Sfaturi şi trucuri în etmoidectomia endoscopică

 Tips and tricks in endoscopic ethmoidectomy

First published: 10 martie 2022

Editorial Group: MEDICHUB MEDIA

DOI: 10.26416/ORL.26.1.2022.6086


Endoscopic ethmoidectomy is the surgical technique, which consists in opening the entire ethmoidal labyrinth, in order to ensure favorable drainage of all paranasal sinuses. There are several techniques for completing endoscopic ethmoidectomy. In this paper, the authors present the technique used most frequently, based on their experience of more than 4000 endoscopic ethmoidectomies. Also, the goal of this paper is to share some “tips and tricks” on endoscopic ethmoidectomy, in order to perform a complete and safe ethmoidectomy and prevent complications. 

ethmoidectomy, FESS - functional endoscopic sinus surgery


Etmoidectomia endoscopică este tehnica chirurgicală care constă în deschiderea întregului labirint etmoidal pentru a asigura drenajul favorabil al sinusurilor paranazale. Sunt câteva tehnici de realizare a etmoidectomiei endoscopice. În lucrarea de faţă, autorii prezintă cea mai frecvent utilizată metodă, bazată pe experienţa proprie de peste 4.000 de etmoidectomii endoscopice. De asemenea, scopul acestei lucrări este de a împărtăşi câteva dintre „tips and tricks” ale etmoidectomiei endoscopice, în vederea realizării unei etmoidectomii complete, în condiţii de siguranţă şi pentru a preveni complicaţiile posibile.


The ethmoid represents the keystone (Terrier, 1991) for the entire rhinosinusal pathology because of its important connections with all other paranasal sinuses. The ethmoid bone consists of two plates: the perpendicular plate (vertical) and the cribriform plate (horizontal), and two lateral masses, the right and left ethmoidal labyrinths (Casiano, 2002). On the medial surface of the ethmoidal masses there are two turbinates - the middle and superior turbinates (very rare we can find a superior turbinate), which consist of two bony lamellas covered by mucosa and are attached to the lateral nasal wall or the skull base.

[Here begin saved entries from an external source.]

(* Let $\mathbb{A}$ be a 2-category and $p:e\to b$ a 1-cell such that $\mathbb{A}$ has the two-dimensional cokernel diagram of $p$, a right Kan extension $(t,\gamma)$ of $p$ along $p$ exists, and it is preserved by $\delta^0:b\to b\uparrow_pb$. Let $\mathsf{T}$ be the codensity monad of $p$. Then $\mathbb{A}$ has an Eilenberg–Moore object of $\mathsf{T}$ if and only if $\mathbb{A}$ has a lax descent object of the two-dimensional cokernel diagram of $p$, and in that case the semantic factorization $p=u\,p^{\mathsf{T}}$ of $p$ is isomorphic to the semantic lax descent factorization $p=d\,p^{H}$ of $p$, i.e. there is an isomorphism $\varphi:L\to b^{\mathsf{T}}$ with $u\varphi=d$ and $\varphi p^H=p^{\mathsf{T}}$.
   Context: A 2-category is a $\mathbf{Cat}$-enriched category; composition of 1-cells is juxtaposition, vertical composition of 2-cells is $\cdot$, horizontal composition is $\ast$, $\mathrm{id}_f$ is the identity 2-cell on $f$. Opcomma object of $p$ along itself: an object $b\uparrow_p b$ with 1-cells $\delta^0,\delta^1:b\to b\uparrow_p b$ and a 2-cell $\alpha:\delta^1p\Rightarrow\delta^0p$ such that for every object $y$ the functor $h\mapsto(h\delta^0,h\delta^1,\mathrm{id}_h\ast\alpha)$, $\xi\mapsto(\xi\ast\mathrm{id}_{\delta^0},\xi\ast\mathrm{id}_{\delta^1})$ is an isomorphism from $\mathbb{A}(b\uparrow_p b,y)$ onto the category of triples $(h_0,h_1:b\to y,\ \beta:h_1p\Rightarrow h_0p)$ with morphisms pairs of 2-cells $(\xi_0:h_0\Rightarrow h_0',\xi_1:h_1\Rightarrow h_1')$ satisfying $(\xi_0\ast\mathrm{id}_p)\cdot\beta=\beta'\cdot(\xi_1\ast\mathrm{id}_p)$. Two-dimensional pushout of a span $f_0:c\to c_0$, $f_1:c\to c_1$: an object $P$ with $q_0:c_0\to P$, $q_1:c_1\to P$, $q_0f_0=q_1f_1$, such that for every $y$, $k\mapsto(kq_0,kq_1)$ is an isomorphism from $\mathbb{A}(P,y)$ onto the category of pairs $(k_0,k_1)$ with $k_0f_0=k_1f_1$, whose morphisms are pairs of 2-cells $(\xi_0,\xi_1)$ with $\xi_0\ast\mathrm{id}_{f_0}=\xi_1\ast\mathrm{id}_{f_1}$. $\mathbb{A}$ has the two-dimensional cokernel diagram of $p$ if it has an opcomma object $b\uparrow_p b$ and a two-dimensional pushout $b\uparrow_pb\uparrow_pb$ of the span $(\delta^0,\delta^1)$, with 1-cells $D^0,D^2$ satisfying $D^2\delta^0=D^0\delta^1$; $D^1$ is the unique 1-cell with $D^1\delta^1=D^2\delta^1$, $D^1\delta^0=D^0\delta^0$, $\mathrm{id}_{D^1}\ast\alpha=(\mathrm{id}_{D^0}\ast\alpha)\cdot(\mathrm{id}_{D^2}\ast\alpha)$; $s^0:b\uparrow_pb\to b$ is the unique 1-cell with $s^0\delta^0=s^0\delta^1=\mathrm{id}_b$, $\mathrm{id}_{s^0}\ast\alpha=\mathrm{id}_p$. The two-dimensional cokernel diagram of $p$ is the diagram formed by $b,b\uparrow_pb,b\uparrow_pb\uparrow_pb$ and $\delta^0,\delta^1,s^0,D^0,D^1,D^2$. Lax descent object: for an object $y$, $\mathrm{Desc}_p(y)$ has objects pairs $(h:y\to b,\beta:\delta^1h\Rightarrow\delta^0h)$ with $(\mathrm{id}_{D^0}\ast\beta)\cdot(\mathrm{id}_{D^2}\ast\beta)=\mathrm{id}_{D^1}\ast\beta$ and $\mathrm{id}_{s^0}\ast\beta=\mathrm{id}_h$, and morphisms $(h_1,\beta_1)\to(h_0,\beta_0)$ the 2-cells $\xi:h_1\Rightarrow h_0$ with $\beta_0\cdot(\mathrm{id}_{\delta^1}\ast\xi)=(\mathrm{id}_{\delta^0}\ast\xi)\cdot\beta_1$. A lax descent object of the two-dimensional cokernel diagram is an object $L$ with $d:L\to b$ and $\Psi:\delta^1d\Rightarrow\delta^0d$ such that for each $y$ the functor $g\mapsto(dg,\Psi\ast\mathrm{id}_g)$, $\xi\mapsto\mathrm{id}_d\ast\xi$ is an isomorphism $\mathbb{A}(y,L)\to\mathrm{Desc}_p(y)$. Since $(p,\alpha)\in\mathrm{Desc}_p(e)$, there is a unique $p^H:e\to L$ with $dp^H=p$ and $\Psi\ast\mathrm{id}_{p^H}=\alpha$; $p=d\,p^H$ is the semantic lax descent factorization of $p$. Right Kan extension of $f:z\to y$ along $g:z\to w$: a pair $(r,\gamma:rg\Rightarrow f)$ such that for each $k:w\to y$, $\beta\mapsto\gamma\cdot(\beta\ast\mathrm{id}_g)$ is a bijection from 2-cells $k\Rightarrow r$ to 2-cells $kg\Rightarrow f$; a 1-cell $\delta$ preserves it if $(\delta r,\mathrm{id}_\delta\ast\gamma)$ is a right Kan extension of $\delta f$ along $g$. Codensity monad $\mathsf{T}=(b,t,m,\eta)$: $m:tt\Rightarrow t$ unique with $\gamma\cdot(m\ast\mathrm{id}_p)=\gamma\cdot(\mathrm{id}_t\ast\gamma)$, $\eta:\mathrm{id}_b\Rightarrow t$ unique with $\gamma\cdot(\eta\ast\mathrm{id}_p)=\mathrm{id}_p$. Eilenberg–Moore object: for $y$, $\mathrm{Alg}_{\mathsf{T}}(y)$ has objects $(h:y\to b,\beta:th\Rightarrow h)$ with $\beta\cdot(\mathrm{id}_t\ast\beta)=\beta\cdot(m\ast\mathrm{id}_h)$, $\beta\cdot(\eta\ast\mathrm{id}_h)=\mathrm{id}_h$, morphisms 2-cells $\xi:h_1\Rightarrow h_0$ with $\xi\cdot\beta_1=\beta_0\cdot(\mathrm{id}_t\ast\xi)$. An Eilenberg–Moore object is $b^{\mathsf{T}}$ with $u:b^{\mathsf{T}}\to b$, $\mu:tu\Rightarrow u$ such that $g\mapsto(ug,\mu\ast\mathrm{id}_g)$, $\xi\mapsto\mathrm{id}_u\ast\xi$ is an isomorphism $\mathbb{A}(y,b^{\mathsf{T}})\to\mathrm{Alg}_{\mathsf{T}}(y)$ for each $y$. The semantic factorization of $p$ is $p=u\,p^{\mathsf{T}}$ with $p^{\mathsf{T}}:e\to b^{\mathsf{T}}$ the unique 1-cell with $up^{\mathsf{T}}=p$ and $\mu\ast\mathrm{id}_{p^{\mathsf{T}}}=\gamma$. *)

(* Vertical composition is totalised (its value on non-composable pairs
   is unconstrained junk); all axioms are conditioned on composability. *)
Record TwoCatData : Type := {
  ob : Type;
  hom : ob -> ob -> Type;
  cell : ob -> ob -> Type;
  src : forall a b, cell a b -> hom a b;
  tgt : forall a b, cell a b -> hom a b;
  id1 : forall a, hom a a;
  comp1 : forall a b c, hom b c -> hom a b -> hom a c;
  id2 : forall a b, hom a b -> cell a b;
  vcomp : forall a b, cell a b -> cell a b -> cell a b;
  hcomp : forall a b c, cell b c -> cell a b -> cell a c
}.

Arguments ob C : rename.
Arguments hom {C} _ _ : rename.
Arguments cell {C} _ _ : rename.
Arguments src {C a b} _ : rename.
Arguments tgt {C a b} _ : rename.
Arguments id1 {C} a : rename.
Arguments comp1 {C a b c} _ _ : rename.
Arguments id2 {C a b} _ : rename.
Arguments vcomp {C a b} _ _ : rename.
Arguments hcomp {C a b c} _ _ : rename.

Declare Scope tc_scope.
Notation "g ∘ f" := (comp1 g f) (at level 30, right associativity) : tc_scope.
Notation "β ⋆ α" := (hcomp β α) (at level 35, right associativity) : tc_scope.
Notation "β · α" := (vcomp β α) (at level 45, right associativity) : tc_scope.
Open Scope tc_scope.

Record IsTwoCat (C : TwoCatData) : Prop := {
  src_id2 : forall (a b : ob C) (f : hom a b), src (id2 f) = f;
  tgt_id2 : forall (a b : ob C) (f : hom a b), tgt (id2 f) = f;
  src_vcomp : forall (a b : ob C) (α β : cell a b),
      tgt α = src β -> src (β · α) = src α;
  tgt_vcomp : forall (a b : ob C) (α β : cell a b),
      tgt α = src β -> tgt (β · α) = tgt β;
  vcomp_assoc : forall (a b : ob C) (α β γ : cell a b),
      tgt α = src β -> tgt β = src γ -> γ · (β · α) = (γ · β) · α;
  vcomp_id_l : forall (a b : ob C) (α : cell a b), id2 (tgt α) · α = α;
  vcomp_id_r : forall (a b : ob C) (α : cell a b), α · id2 (src α) = α;
  comp1_assoc : forall (a b c d : ob C) (f : hom a b) (g : hom b c) (h : hom c d),
      h ∘ (g ∘ f) = (h ∘ g) ∘ f;
  comp1_id_l : forall (a b : ob C) (f : hom a b), id1 b ∘ f = f;
  comp1_id_r : forall (a b : ob C) (f : hom a b), f ∘ id1 a = f;
  src_hcomp : forall (a b c : ob C) (β : cell b c) (α : cell a b),
      src (β ⋆ α) = src β ∘ src α;
  tgt_hcomp : forall (a b c : ob C) (β : cell b c) (α : cell a b),
      tgt (β ⋆ α) = tgt β ∘ tgt α;
  hcomp_assoc : forall (a b c d : ob C) (α : cell a b) (β : cell b c) (γ : cell c d),
      γ ⋆ (β ⋆ α) = (γ ⋆ β) ⋆ α;
  hcomp_id_l : forall (a b : ob C) (α : cell a b), id2 (id1 b) ⋆ α = α;
  hcomp_id_r : forall (a b : ob C) (α : cell a b), α ⋆ id2 (id1 a) = α;
  hcomp_id2 : forall (a b c : ob C) (f : hom a b) (g : hom b c),
      id2 g ⋆ id2 f = id2 (g ∘ f);
  interchange : forall (a b c : ob C) (α α' : cell a b) (β β' : cell b c),
      tgt α = src α' -> tgt β = src β' ->
      (β' · β) ⋆ (α' · α) = (β' ⋆ α') · (β ⋆ α)
}.

Section TwoCatNotions.
Context {C : TwoCatData}.

Definition is2 {a b : ob C} (f g : hom a b) (α : cell a b) : Prop :=
  src α = f /\ tgt α = g.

The middle turbinate divides the ethmoid in two parts - the anterior ethmoidal cells and posterior ethmoidal cells. The anterior ethmoidal cells are four to ten in number, whilst the posterior ethmoidal cells are fewer, between two to four.

The endoscopic ethmoidectomy consists in opening of all ethmoidal cells, leaving in place a single cavity between the lateral nasal wall, the ethmoidal roof, the cribriform plate and the middle turbinate, with the possibility for the endoscopic approach of all other paranasal sinuses (maxillary, frontal, sphenoid).

In order to achieve a proper ethmoidectomy, the ENT endoscopic surgeon must have the complete knowledge of the lateral nasal wall, with its landmarks.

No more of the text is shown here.